(* If $G$ is a connected, claw-free, cubic graph, then \[ \sigma_{(2,3)}(G) \le \sigma_{(2,2)}(G) \le \sigma_{(2,3)}(G)+1. \] In addition, if $G\neq K_4$, then $u(G) \le \sigma_{(2,2)}(G) \le u(G)+1$, where $u(G)$ is the number of units of $G$.
   Context: A graph is claw-free if it has no induced subgraph isomorphic to $K_{1,3}$; it is cubic if every vertex has degree $3$. A diamond is an induced subgraph isomorphic to $K_4$ minus one edge. For a connected, claw-free, cubic graph $G\neq K_4$, the vertex set $V(G)$ can be uniquely partitioned into sets each of which induces a triangle or a diamond in $G$; the parts of this partition are called units, and $u(G)$ is the number of units. $(p,q)$-spreading: let $p\in\mathbb{N}$ and $q\in\mathbb{N}\cup\{\infty\}$. Start with a set $S\subseteq V(G)$ of blue vertices, all other vertices white. The color change rule: if a white vertex $w$ has at least $p$ blue neighbors, and at least one of the blue neighbors of $w$ has at most $q$ white neighbors, then $w$ is recolored blue. $S$ is a $(p,q)$-spreading set if repeatedly applying this rule eventually colors all vertices blue. $\sigma_{(p,q)}(G)$ is the minimum cardinality of a $(p,q)$-spreading set of $G$. *)

From mathcomp Require Import all_boot all_order.
Set Implicit Arguments. Unset Strict Implicit. Unset Printing Implicit Defensive.

Section Graphs.
Variables (T : finType) (e : rel T).

Definition simple_graph : Prop := symmetric e /\ irreflexive e.

Definition nbhd (v : T) : {set T} := [set w | e v w].

Definition cubic : Prop := forall v, #|nbhd v| = 3.

Definition connected_graph : Prop := forall x y : T, connect e x y.

Definition claw_free : Prop :=
  forall v a b c : T, e v a -> e v b -> e v c ->
    a != b -> b != c -> a != c -> [|| e a b, e b c | e a c].

Definition is_K4 : Prop :=
  #|T| = 4 /\ forall x y : T, x != y -> e x y.

Definition induces_triangle (A : {set T}) : bool :=
  (#|A| == 3) && [forall x in A, forall y in A, (x != y) ==> e x y].

Definition induces_diamond (A : {set T}) : bool :=
  (#|A| == 4) &&
  [exists x in A, exists y in A,
     [&& x != y, ~~ e x y &
      [forall a in A, forall b in A,
         ((a != b) && ([set a; b] != [set x; y])) ==> e a b]]].

Definition unit_partition (P : {set {set T}}) : bool :=
  partition P [set: T] &&
  [forall A in P, induces_triangle A || induces_diamond A].

(* u(G): number of units of the (unique) unit partition. *)
Definition num_units : nat :=
  match [pick P | unit_partition P] with
  | Some P => #|P|
  | None => 0
  end.

(* (p,q)-spreading, q finite (only q = 2, 3 are needed). *)
Definition spread_step (p q : nat) (B B' : {set T}) : bool :=
  [exists w, [&& w \notin B,
                 p <= #|nbhd w :&: B|,
                 [exists b in nbhd w :&: B, #|nbhd b :\: B| <= q] &
                 B' == w |: B]].

Definition spreading_set (p q : nat) (S : {set T}) : bool :=
  connect (spread_step p q) S [set: T].

(* sigma_{(p,q)}(G): minimum size of a (p,q)-spreading set
   ([set: T] is always one, so the arg min is well defined). *)
Definition sigma (p q : nat) : nat :=
  #|[arg min_(S < [set: T] | spreading_set p q S) #|S|]|.

End Graphs.

From mathcomp Require Import all_boot all_order zify.
Set Implicit Arguments. Unset Strict Implicit. Unset Printing Implicit Defensive.

(* Every vertex of a unit has two neighbours inside it, hence at most one
   outside.  So for p >= 2 a unit without blue vertices can never receive one,
   and every (p,q)-spreading set meets every unit: u(G) <= sigma.  Conversely,
   two adjacent blue vertices of a unit (2,2)-force the whole unit, and a blue
   vertex w with a neighbour u in a white unit U (w has at most two white
   neighbours, since its own unit is blue) turns u blue as soon as one more
   neighbour of u in U is blue.  Walking through the connected graph unit by
   unit, starting with two vertices and adding one per further unit, gives a
   (2,2)-spreading set of size u(G) + 1.  As (2,2)-spreading sets are
   (2,3)-spreading, u <= sigma_(2,3) <= sigma_(2,2) <= u + 1.  The unit
   partition exists since claw-freeness puts every vertex on a triangle and,
   outside K_4, two triangles through a vertex span a diamond; K_4 itself is
   (2,2)-spread from any two vertices. *)

Lemma connect_invariant (T : finType) (r : rel T) (I : pred T) x y :
  (forall a b, I a -> r a b -> I b) -> I x -> connect r x y -> I y.
Proof.
move=> rI + /connectP [s rs ->]; elim: s x rs => //= z s IHs x /andP [rxz rs] Ix.
exact: IHs rs (rI _ _ Ix rxz).
Qed.

Lemma connect_cross (T : finType) (r : rel T) (I : pred T) x y :
  I x -> ~~ I y -> connect r x y -> exists a b, [/\ I a, ~~ I b & r a b].
Proof.
move=> Ix nIy rxy.
have [/existsP [a /existsP [b /and3P [Ia nIb rab]]] | /existsPn noexit] :=
  boolP [exists a, exists b, [&& I a, ~~ I b & r a b]]; first by exists a, b.
case/negP: nIy; apply: connect_invariant Ix rxy => a b Ia rab.
by move/existsPn: (noexit a) => /(_ b); rewrite Ia rab andbT negbK.
Qed.

Section Spreading.
Variables (T : finType) (e : rel T).

Lemma spreading_set_leq_q p q q' (S : {set T}) :
  q <= q' -> spreading_set e p q S -> spreading_set e p q' S.
Proof.
move=> le_qq'; apply: connect_sub => B B' /existsP [w /and4P [wB pB]].
case/exists_inP => b bB le_bq eqB'; apply: connect1; apply/existsP; exists w.
by rewrite wB pB eqB' andbT; apply/exists_inP; exists b => //; apply: leq_trans le_qq'.
Qed.

Lemma sigma_min p q (S : {set T}) : spreading_set e p q S -> sigma e p q <= #|S|.
Proof.
by rewrite /sigma => spS; case: arg_minnP => [|S0 _ /(_ S spS)]; rewrite /spreading_set.
Qed.

Lemma sigmaP p q : exists2 S, spreading_set e p q S & #|S| = sigma e p q.
Proof.
by rewrite /sigma; case: arg_minnP => [|S0 spS0 _]; [rewrite /spreading_set | exists S0].
Qed.

Lemma sigma_leq_q p q q' : q <= q' -> sigma e p q' <= sigma e p q.
Proof.
by move=> le_qq'; have [S spS <-] := sigmaP p q; apply/sigma_min/(spreading_set_leq_q le_qq').
Qed.

Lemma sigma_gt0 p q : 0 < p -> 0 < #|T| -> 0 < sigma e p q.
Proof.
move=> p_gt0 /card_gt0P [v _]; have [S spS <-] := sigmaP p q.
rewrite card_gt0; apply: contraTneq isT => S0; move: spS; rewrite S0.
have stuck B B' : B == set0 -> spread_step e p q B B' -> B' == set0.
  by move=> /eqP -> /existsP [w /and4P [_]]; rewrite setI0 cards0 leqNgt p_gt0.
by move=> /(connect_invariant stuck (eqxx _)) /eqP /setP /(_ v); rewrite !inE.
Qed.
(* Let $n$ be a positive integer with $n\equiv 2 \pmod 3$. Then the $(3,n;6)$-bipartite biregular cage has exactly $2+2n+\frac{(2+2n)n}{3}$ vertices, and every $(3,n;6)$-bipartite biregular cage is (isomorphic to) the incidence graph of the structure obtained from a Steiner triple system on $2n+3$ points by deleting one point and all triples containing it.
   Context: For integers $a,b\geq 2$ and even $g\ge 4$, an $(a,b;g)$-bipartite biregular graph is a finite simple bipartite graph of girth exactly $g$ in which all vertices of one bipartition class have degree $a$ and all vertices of the other class have degree $b$. An $(a,b;g)$-bipartite biregular cage is such a graph of minimum possible order. A Steiner triple system on $v$ points is a set of $v$ points with a family of 3-element subsets (triples) such that every pair of distinct points lies in exactly one triple. The incidence graph of a point-triple structure is the bipartite graph on points and triples with a point adjacent to a triple iff the point lies in it. *)

From mathcomp Require Import all_boot.
Set Implicit Arguments. Unset Strict Implicit. Unset Printing Implicit Defensive.

Definition simple_graph (V : finType) (e : rel V) : Prop :=
  irreflexive e /\ symmetric e.

Definition girth_eq (V : finType) (e : rel V) (g : nat) : Prop :=
  (exists c : seq V, [/\ ucycle e c, 3 <= size c & size c = g]) /\
  (forall c : seq V, ucycle e c -> 3 <= size c -> g <= size c).

Definition deg (V : finType) (e : rel V) (x : V) : nat := #|[set y | e x y]|.

Definition bb_graph (a b g : nat) (V : finType) (e : rel V) : Prop :=
  [/\ simple_graph e,
      exists A : {set V},
        [/\ forall x y, e x y -> (x \in A) != (y \in A),
            forall x, x \in A -> deg e x = a &
            forall x, x \notin A -> deg e x = b]
    & girth_eq e g].

Definition bb_cage (a b g : nat) (V : finType) (e : rel V) : Prop :=
  bb_graph a b g e /\
  (forall (W : finType) (f : rel W), bb_graph a b g f -> #|V| <= #|W|).

Definition STS (v : nat) (B : {set {set 'I_v}}) : Prop :=
  (forall T, T \in B -> #|T| = 3) /\
  (forall x y : 'I_v, x != y -> #|[set T in B | (x \in T) && (y \in T)]| = 1).

Definition inc_rel (v : nat) : rel ('I_v + {set 'I_v}) :=
  fun u w => match u, w with
             | inl p, inr T => p \in T
             | inr T, inl p => p \in T
             | _, _ => false
             end.

Definition derived_vertices (v : nat) (B : {set {set 'I_v}}) (x0 : 'I_v)
  : {set ('I_v + {set 'I_v})} :=
  [set u | match u with
           | inl p => p != x0
           | inr T => (T \in B) && (x0 \notin T)
           end].

Definition iso_induced (V W : finType) (e : rel V) (f : rel W) (S : {set W}) : Prop :=
  exists h : V -> W,
    [/\ injective h, h @: [set: V] = S & forall x y, e x y = f (h x) (h y)].

From mathcomp Require Import all_boot zify.
Set Implicit Arguments. Unset Strict Implicit. Unset Printing Implicit Defensive.

(* Call the vertices of degree 3 lines and the others points.  Girth 6 means
   that two points have at most one common neighbour, so a point of degree n is
   at distance two from exactly 2n other points: there are at least 2n + 1
   points, hence at least 2n + 2 since 3 divides n times their number, and
   counting edges turns this into the lower bound on the order.  In a graph
   attaining the bound every point is at distance two from all other points but
   one, its mate; the lines together with the triples {oo, p, mate p}, for a new
   point oo, form a Steiner triple system on 2n + 3 points whose derived
   structure at oo is the graph.  Conversely, Skolem's triple system on
   6k + 1 = 2n + 3 points, derived at one of its points, attains the bound. *)

Lemma card_bigcup_disjoint (I T : finType) (P : {pred I}) (F : I -> {set T}) :
  {in P &, forall i j, i != j -> [disjoint F i & F j]} ->
  #|\bigcup_(i in P) F i| = \sum_(i in P) #|F i|.
Proof.
move=> disF; rewrite -!big_enum /=.
have : {subset enum P <= P} by move=> i; rewrite mem_enum.
elim: (enum P) (enum_uniq P) => [|i s IHs] /=; first by rewrite !big_nil cards0.
move=> /andP[i_s s_uniq] sP; rewrite !big_cons cardsU -IHs //; last first.
  by move=> j sj; apply: sP; rewrite inE sj orbT.
suff -> : F i :&: \bigcup_(j <- s) F j = set0 by rewrite cards0 subn0.
apply/eqP; rewrite setI_eq0 bigcup_seq.
apply: bigcup_disjoint => j sj; rewrite disF ?sP ?inE ?sj ?eqxx ?orbT //.
by apply: contraNneq i_s => ->.
Qed.

Lemma cards3 (T : finType) (x y z : T) :
  x != y -> x != z -> y != z -> #|[set x; y; z]| = 3.
Proof. by move=> xy xz yz; rewrite -setUA cardsU1 cards2 yz !inE negb_or xy xz. Qed.

Lemma imset_bij_card (T T' : finType) (S : {set T}) (S' : {set T'}) :
  0 < #|S| -> #|S| = #|S'| -> exists f : T -> T', {in S &, injective f} /\ f @: S = S'.
Proof.
case/card_gt0P=> z zS cardS.
exists (fun x => enum_val (cast_ord cardS (enum_rank_in zS x))); split.
  move=> x y xS yS /enum_val_inj /cast_ord_inj /(congr1 enum_val).
  by rewrite !enum_rankK_in.
apply/setP => y; apply/imsetP/idP => [[x _ ->]|yS']; first exact: enum_valP.
exists (enum_val (cast_ord (esym cardS) (enum_rank_in yS' y))); first exact: enum_valP.
by rewrite enum_valK_in cast_ordKV enum_rankK_in.
Qed.

(** * Bipartite graphs without 4-cycles *)

Definition nbrs (V : finType) (e : rel V) (x : V) : {set V} := [set y | e x y].

Definition common_nbr (V : finType) (e : rel V) (p q : V) : bool :=
  [exists a, e p a && e a q].

Definition nbrs2 (V : finType) (e : rel V) (p : V) : {set V} :=
  [set q | (q != p) && common_nbr e p q].

Definition mate (V : finType) (e : rel V) (p q : V) : bool :=
  (p != q) && ~~ common_nbr e p q.

Definition mates (V : finType) (e : rel V) (A : {set V}) (p : V) : {set V} :=
  [set q in ~: A | mate e p q].

Definition C4_free (V : finType) (e : rel V) : Prop :=
  forall u w x y, u != w -> x != y -> e u x -> e w x -> e u y -> e w y -> False.

Lemma C4_free_girth (V : finType) (e : rel V) (g : nat) :
  simple_graph e -> girth_eq e g -> 4 < g -> C4_free e.
Proof.
move=> [e_irr e_sym] [_ g_min] g_gt4 u w x y uw xy eux ewx euy ewy.
have neq s t : e s t -> s != t by apply: contraTneq => ->; rewrite e_irr.
suff /g_min : ucycle e [:: u; x; w; y] by move/(_ isT); rewrite leqNgt g_gt4.
rewrite /ucycle /= eux (e_sym x) ewx ewy (e_sym y) euy /= !inE !negb_or.
by rewrite (eq_sym x) uw xy !(neq _ _ eux, neq _ _ euy, neq _ _ ewx, neq _ _ ewy).
Qed.

Section BipartiteGraph.
Variables (V : finType) (e : rel V) (A : {set V}).
Hypothesis e_sym : symmetric e.
Hypothesis e_bip : forall x y, e x y -> (x \in A) != (y \in A).

Lemma adj_side x y : e x y -> (y \in A) = (x \notin A).
Proof. by move/e_bip; case: (x \in A); case: (y \in A). Qed.

Lemma mate_sym p q : mate e p q = mate e q p.
Proof.
rewrite /mate eq_sym; congr (_ && ~~ _).
by apply/existsP/existsP => -[a /andP[h1 h2]]; exists a; rewrite e_sym h2 e_sym h1.
Qed.

Lemma mate_unique p q q' : #|mates e A p| = 1 ->
  q \notin A -> q' \notin A -> mate e p q -> mate e p q' -> q = q'.
Proof.
move=> /eqP/cards1P[t mateE] qA q'A mpq mpq'.
have mate_t s : s \notin A -> mate e p s -> s = t.
  by move=> sA mps; apply/set1P; rewrite -mateE !inE sA.
by rewrite (mate_t q) // (mate_t q').
Qed.

Lemma mate_exists p : #|mates e A p| = 1 -> exists2 q, q \notin A & mate e p q.
Proof.
move=> /eqP/cards1P[q mateE].
by have := set11 q; rewrite -mateE !inE => /andP[]; exists q.
Qed.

What to do —
Output, from the data above, the lines from the line with "point oo, form" to the line with "elim: (enum P)" exactly as they stand, both ends included and nothing else.

Solved problem —
   point oo, form a Steiner triple system on 2n + 3 points whose derived
   structure at oo is the graph.  Conversely, Skolem's triple system on
   6k + 1 = 2n + 3 points, derived at one of its points, attains the bound. *)

Lemma card_bigcup_disjoint (I T : finType) (P : {pred I}) (F : I -> {set T}) :
  {in P &, forall i j, i != j -> [disjoint F i & F j]} ->
  #|\bigcup_(i in P) F i| = \sum_(i in P) #|F i|.
Proof.
move=> disF; rewrite -!big_enum /=.
have : {subset enum P <= P} by move=> i; rewrite mem_enum.
elim: (enum P) (enum_uniq P) => [|i s IHs] /=; first by rewrite !big_nil cards0.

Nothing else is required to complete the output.